• [EXERCISE BRIEF]:
As soon as the line containing "and G'' - 9/4" appears in the material below, start returning lines exactly, and end with the line containing "replace (1 /".

• [GIVEN DATA]:
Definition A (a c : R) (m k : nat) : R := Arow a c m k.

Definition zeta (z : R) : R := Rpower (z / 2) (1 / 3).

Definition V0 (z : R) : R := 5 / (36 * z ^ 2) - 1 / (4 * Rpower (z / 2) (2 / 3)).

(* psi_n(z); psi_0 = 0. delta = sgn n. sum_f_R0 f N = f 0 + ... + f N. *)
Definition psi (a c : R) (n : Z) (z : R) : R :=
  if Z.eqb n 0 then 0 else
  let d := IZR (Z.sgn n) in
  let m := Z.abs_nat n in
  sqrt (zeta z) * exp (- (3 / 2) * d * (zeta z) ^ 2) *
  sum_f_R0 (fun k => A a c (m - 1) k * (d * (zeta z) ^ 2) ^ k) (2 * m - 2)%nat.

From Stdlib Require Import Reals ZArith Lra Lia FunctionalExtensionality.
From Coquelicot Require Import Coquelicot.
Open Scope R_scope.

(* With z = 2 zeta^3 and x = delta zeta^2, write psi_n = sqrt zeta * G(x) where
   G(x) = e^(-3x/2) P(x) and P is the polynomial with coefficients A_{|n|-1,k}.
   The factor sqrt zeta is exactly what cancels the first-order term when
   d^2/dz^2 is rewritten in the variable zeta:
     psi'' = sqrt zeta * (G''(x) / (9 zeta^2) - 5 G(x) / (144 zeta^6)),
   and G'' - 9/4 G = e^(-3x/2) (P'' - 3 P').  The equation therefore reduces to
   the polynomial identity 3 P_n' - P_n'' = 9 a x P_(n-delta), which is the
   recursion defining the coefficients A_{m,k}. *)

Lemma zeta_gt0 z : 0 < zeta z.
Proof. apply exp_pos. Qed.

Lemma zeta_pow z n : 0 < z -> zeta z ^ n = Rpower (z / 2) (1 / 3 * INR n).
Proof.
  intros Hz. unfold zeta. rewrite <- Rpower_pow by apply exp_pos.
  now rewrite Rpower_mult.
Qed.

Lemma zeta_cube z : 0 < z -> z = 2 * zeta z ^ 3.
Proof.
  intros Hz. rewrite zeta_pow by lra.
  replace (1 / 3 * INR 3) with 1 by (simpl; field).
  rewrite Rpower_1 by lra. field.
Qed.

==

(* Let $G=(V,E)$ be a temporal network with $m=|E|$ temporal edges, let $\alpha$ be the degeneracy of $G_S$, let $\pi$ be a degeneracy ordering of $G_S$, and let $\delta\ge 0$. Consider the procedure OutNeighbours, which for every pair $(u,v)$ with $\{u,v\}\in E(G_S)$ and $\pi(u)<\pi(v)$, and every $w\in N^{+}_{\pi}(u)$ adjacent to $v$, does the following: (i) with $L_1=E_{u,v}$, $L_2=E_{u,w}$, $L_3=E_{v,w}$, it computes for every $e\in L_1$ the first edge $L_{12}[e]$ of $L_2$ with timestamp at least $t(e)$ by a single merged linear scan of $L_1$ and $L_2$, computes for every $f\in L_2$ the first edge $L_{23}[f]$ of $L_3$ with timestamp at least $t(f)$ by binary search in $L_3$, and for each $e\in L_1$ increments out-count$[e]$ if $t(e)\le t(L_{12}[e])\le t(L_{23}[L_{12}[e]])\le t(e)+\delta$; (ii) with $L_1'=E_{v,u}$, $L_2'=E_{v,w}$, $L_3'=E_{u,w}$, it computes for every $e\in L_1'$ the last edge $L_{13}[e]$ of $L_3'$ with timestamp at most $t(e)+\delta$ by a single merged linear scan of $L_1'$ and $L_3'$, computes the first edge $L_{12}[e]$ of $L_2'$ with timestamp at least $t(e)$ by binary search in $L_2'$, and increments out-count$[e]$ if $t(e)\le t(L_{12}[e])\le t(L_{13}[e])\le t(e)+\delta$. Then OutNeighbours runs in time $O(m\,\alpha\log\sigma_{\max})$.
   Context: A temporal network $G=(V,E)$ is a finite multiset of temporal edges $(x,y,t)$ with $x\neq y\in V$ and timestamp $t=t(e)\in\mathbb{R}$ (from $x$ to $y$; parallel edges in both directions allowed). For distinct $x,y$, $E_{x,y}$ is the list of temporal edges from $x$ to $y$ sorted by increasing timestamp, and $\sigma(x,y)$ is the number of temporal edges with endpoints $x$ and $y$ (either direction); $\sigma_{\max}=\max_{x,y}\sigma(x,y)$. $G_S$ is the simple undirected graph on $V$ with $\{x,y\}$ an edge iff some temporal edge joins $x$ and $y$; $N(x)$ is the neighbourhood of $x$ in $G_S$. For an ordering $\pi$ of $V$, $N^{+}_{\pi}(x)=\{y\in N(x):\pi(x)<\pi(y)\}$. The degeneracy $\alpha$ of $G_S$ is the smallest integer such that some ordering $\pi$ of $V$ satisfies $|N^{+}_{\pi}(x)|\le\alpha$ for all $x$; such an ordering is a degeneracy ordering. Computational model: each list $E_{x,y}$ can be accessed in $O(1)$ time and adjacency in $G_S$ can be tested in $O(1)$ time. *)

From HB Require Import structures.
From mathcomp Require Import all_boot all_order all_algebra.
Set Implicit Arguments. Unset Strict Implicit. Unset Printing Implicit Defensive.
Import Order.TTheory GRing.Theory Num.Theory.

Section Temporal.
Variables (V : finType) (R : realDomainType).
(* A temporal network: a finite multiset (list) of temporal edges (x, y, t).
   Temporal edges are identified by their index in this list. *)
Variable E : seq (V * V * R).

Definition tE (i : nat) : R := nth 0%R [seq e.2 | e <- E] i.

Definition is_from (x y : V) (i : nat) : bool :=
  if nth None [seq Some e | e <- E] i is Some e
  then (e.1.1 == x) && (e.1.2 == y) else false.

• [ANSWER FOR THIS EXERCISE]:
   and G'' - 9/4 G = e^(-3x/2) (P'' - 3 P').  The equation therefore reduces to
   the polynomial identity 3 P_n' - P_n'' = 9 a x P_(n-delta), which is the
   recursion defining the coefficients A_{m,k}. *)

Lemma zeta_gt0 z : 0 < zeta z.
Proof. apply exp_pos. Qed.

Lemma zeta_pow z n : 0 < z -> zeta z ^ n = Rpower (z / 2) (1 / 3 * INR n).
Proof.
  intros Hz. unfold zeta. rewrite <- Rpower_pow by apply exp_pos.
  now rewrite Rpower_mult.
Qed.

Lemma zeta_cube z : 0 < z -> z = 2 * zeta z ^ 3.
Proof.
  intros Hz. rewrite zeta_pow by lra.
  replace (1 / 3 * INR 3) with 1 by (simpl; field).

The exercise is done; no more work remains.